2012/04/20 6:17 に Tadashi YANAI が投稿   [ 2012/04/20 6:17 に更新しました ]
(...) 親族名称は、人間の分類を通じて、人々の社会的実践に枠組を与えるとともに、逆にそれらの実践の中で変化を被ってゆくものである。出来上がった作品(opus operatum)としての親族名称ダイアグラムが与える一義的で平面的な印象とは裏腹に、実際には、同じ対象に対してしばしば複数の名称が存在し、異なる名称は往々にして隠れた意味論的関係によって立体的に相互に結ばれている。親族名称の一部分はある種の社会的実践と関わり合い、別の部分は他の社会的実践と関わって、時には、両者のもつ論理がぶつかりあって、矛盾を露にすることもある。このような観点から見るならば、親族名称体系は、人々の社会関係の様々な側面を浮き彫りにするものである。
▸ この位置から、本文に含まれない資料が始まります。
Lemma fm_endo_idm (a : ob G) (h : hom a a) : fm d h = idm _.
Proof.
  destruct (sg_winv G a) as [a' [Ha _]].
  set (z := exist _ (a ⊗ a') (torsion_obj_Iso_unit _ Ha) : tors_ob G).
  assert (E : fm d (tenm h (idm a')) = idm _).
  { apply (cmp_cancel_l (psi z)). rewrite idr.
    exact (theta_nat Hpsi (x := z) (y := z) (tenm h (idm a'))). }
  apply (tenm_idm_r_reflects_idm D (w := fo d a')), (cmp_cancel_l (fmu d a a')).
  rewrite idr, <- (smf_idm Hd a'), smf_fmu_nat, E, idl by exact Hd. reflexivity.
Qed.

Lemma fm_parallel (a b : ob G) (g1 g2 : hom a b) : fm d g1 = fm d g2.
Proof.
  rewrite <- (cmpKVl g2 g1), (smf_cmp Hd), fm_endo_idm, idr. reflexivity.
Qed.

Definition witness_hom (a : tors_ob G) {x y : ob G} (f : hom x (proj1_sig a ⊗ y))
  : hom (fo d x) (fo d y) :=
  lu (fo d y) ∘ tenm (psi a) (idm (fo d y)) ∘ inv (fmu d (proj1_sig a) y) ∘ fm d f.

Lemma witness_hom_indep (a a' : tors_ob G) {x y : ob G}
  (f : hom x (proj1_sig a ⊗ y)) (f' : hom x (proj1_sig a' ⊗ y)) :
  witness_hom a f = witness_hom a' f'.
Proof.
  destruct (Iso_ten_cancel_r _ _ y (Iso_hom (f' ∘ inv f))) as [s _].
  assert (E : fm d f' = fm d (tenm s (idm y)) ∘ fm d f)
    by (rewrite <- (smf_cmp Hd); apply fm_parallel).
  unfold witness_hom. rewrite E. rewrite_assoc (smf_fmu_inv_l Hd (y := y) s).
  rewrite_assoc (tenm_cmp_l (y := fo d y) (psi a') (fm d s)).
  assert (Es : psi a' ∘ fm d s = psi a) by exact (theta_nat Hpsi (x := a) (y := a') s).
  rewrite Es. reflexivity.
Qed.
(...) ここでは、カラフケン湖西北部地域における社会的人格の構成を、親族名称・個人名・魂という3つのレベルから見てきた。まず、カラフケン湖西北部地域の親族名称体系が、人間を天上界の秩序であるところの直系家族のメタファーによって把握する枠組を与えることに触れ、次に、個人名体系が、人々を、祖先の総体である「同名者(父方祖父)たち」の反復として規定することを論じ、最後に、個人の魂が、男系・女系の系譜を辿りつつ、至高神の決定に従って、祖先の魂の再生として形成されることをみた。しかし、ここまでみたことは、カラフケン湖西北部地域の社会的人格の構成についての考察の第一段階に過ぎない。問題の全体は、広い意味での婚姻の問題を次節で検討してゆくなかで初めて十分に把握できるようになるはずである。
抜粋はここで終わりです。